それに、自分が弱音を吐くことで、ほかの困っている人も声を上げやすくなり、多様な人が共に生きやすい社会が作られます。「できる」「わかる」は1つの基準かもしれませんが、「できない」の内容は一人ひとり違います。その多様性をさらけ出し、認め合うことこそ、社会のしなやかさ――レジリエンスにつながるのです。

「忍耐=美徳」「我慢できない=恥」ではない

震災時の医療ボランティア活動の中で、人に迷惑をかけまいと自分だけで問題を解決しようとし、孤独を抱え、ふさぎ込んでいく人々を見るにつけ、日本では他人に助けを求めない、というよりは、助けを求めることを否定している文化があるのではないかと思いあたりました。

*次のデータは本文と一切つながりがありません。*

(* A POMDP $\Lambda=(Q,A,\delta,\Omega,O)$ has non-increasing entropy if and only if it is Dirac-preserving.
   Context: A POMDP is $\Lambda=(Q,A,\delta,\Omega,O)$ where $(Q,A,\delta)$ is an MDP ($Q,A$ finite non-empty, $\delta:Q\times A\to\mathcal D(Q)$), $\Omega$ a finite non-empty set of observations and $O:Q\to\Omega$. A belief is $b\in\mathcal D(Q)$; a state $q$ is identified with the Dirac belief on $q$. For $b\in\mathcal D(Q)$, $a\in A$, $o\in\Omega$: $p(b,a,o):=\sum_{q: O(q)=o}\sum_{q'\in Q}b(q')\delta(q',a)(q)$; $\mathrm{Comp}(b,a):=\{o: p(b,a,o)>0\}$; for $o\in\mathrm{Comp}(b,a)$, $\lambda[b,a,o](q):=0$ if $O(q)\ne o$ and $\lambda[b,a,o](q):=\sum_{q'}b(q')\delta(q',a)(q)/p(b,a,o)$ otherwise. $\Lambda$ is Dirac-preserving if for all $q\in Q$, $a\in A$, $o\in\mathrm{Comp}(q,a)$, $|\mathrm{Supp}(\lambda[q,a,o])|=1$. The entropy of $b$ is $H(b):=-\sum_q b(q)\log_2 b(q)$ (with $0\log 0=0$). $\Lambda$ has non-increasing entropy if for all $b\in\mathcal D(Q)$ and $a\in A$: $H(b)\ge\sum_{o\in\mathrm{Comp}(b,a)}p(b,a,o)\,H(\lambda[b,a,o])$. *)

From mathcomp Require Import all_boot all_order all_algebra.
From mathcomp Require Import all_classical all_reals all_analysis.
Set Implicit Arguments. Unset Strict Implicit. Unset Printing Implicit Defensive.
Import Order.TTheory GRing.Theory Num.Theory.
Local Open Scope ring_scope.

Section POMDP.
Variables (R : realType) (Q A Omega : finType).

Definition is_dist (b : Q -> R) : Prop :=
  (forall q, 0 <= b q) /\ \sum_(q : Q) b q = 1.

Definition dirac (q : Q) : Q -> R := fun x => (x == q)%:R.

Definition pobs (delta : Q -> A -> Q -> R) (O : Q -> Omega)
  (b : Q -> R) (a : A) (o : Omega) : R :=
  \sum_(q : Q | O q == o) \sum_(q' : Q) b q' * delta q' a q.

Definition compat (delta : Q -> A -> Q -> R) (O : Q -> Omega)
  (b : Q -> R) (a : A) (o : Omega) : bool :=
  0 < pobs delta O b a o.

Definition bupdate (delta : Q -> A -> Q -> R) (O : Q -> Omega)
  (b : Q -> R) (a : A) (o : Omega) : Q -> R :=
  fun q => if O q == o then (\sum_(q' : Q) b q' * delta q' a q) / pobs delta O b a o
           else 0.

Definition dirac_preserving (delta : Q -> A -> Q -> R) (O : Q -> Omega) : Prop :=
  forall (q : Q) (a : A) (o : Omega), compat delta O (dirac q) a o ->
    #|[set q' : Q | bupdate delta O (dirac q) a o q' != 0]| = 1%N.

Definition log2 (x : R) : R := ln x / ln 2.

Definition entropy (b : Q -> R) : R :=
  - \sum_(q : Q) (if b q == 0 then 0 else b q * log2 (b q)).

Definition nonincreasing_entropy (delta : Q -> A -> Q -> R) (O : Q -> Omega) : Prop :=
  forall (b : Q -> R) (a : A), is_dist b ->
    \sum_(o : Omega | compat delta O b a o)
        pobs delta O b a o * entropy (bupdate delta O b a o)
    <= entropy b.

End POMDP.

(* For a Dirac belief the entropy is 0 while every posterior has nonnegative
   entropy, and a posterior on two or more states has positive entropy: so
   non-increasing entropy forces Dirac preservation.  Conversely, let Y ~ b be
   the current state, X ~ delta Y a the next one and O = O(X).  The expected
   posterior entropy is H(X | O) <= H(X, Y | O).  If the POMDP is
   Dirac-preserving, X is determined by (Y, O), so H(X, Y | O) = H(Y | O),
   and H(Y | O) <= H(Y) by Gibbs' inequality. *)

From Pilot Require Import Defs.
From mathcomp Require Import all_boot all_order all_algebra.
From mathcomp Require Import all_classical all_reals all_analysis.
From mathcomp Require Import ring lra.
Set Implicit Arguments. Unset Strict Implicit. Unset Printing Implicit Defensive.
Import Order.TTheory GRing.Theory Num.Theory.
Local Open Scope ring_scope.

『『頼る」スキルの磨き方』(KADOKAWA)。書影をクリックするとアマゾンのサイトにジャンプします

「忍耐=美徳」というよりも、「我慢できない=恥」と教えられていて、いつのまにか、自分で自分や家庭を守れないのは「失格」と思い込んでいるのではないでしょうか。真面目で努力家の人ほど、自分で自分を追いつめてしまいがちです。

一方的に「助けを求めている」とだけ考えると「申し訳ない……」と遠慮してしまいそうになりますが、人に頼ることと、人に迷惑をかけるということとはまったく違います。

力になってもらった後、相手に感謝する、喜ぶ、など、モノでは代わりにならない心という大きな価値をお返しすることができれば、WIN-WINの関係になりえます。

そして、人の力を借りた分、頑張ろう、恩返しをしようと努力すれば、今度は頼ってもらえるようになり、誠実さと善意のよい循環を生み出すことになるのです。そのためにも、「上手に助けを求める+たっぷり感謝する+大いに喜ぶ」をセットにして、「助け合い」ではなく、双方向性の「頼り合い」を、あなたから始めてみませんか。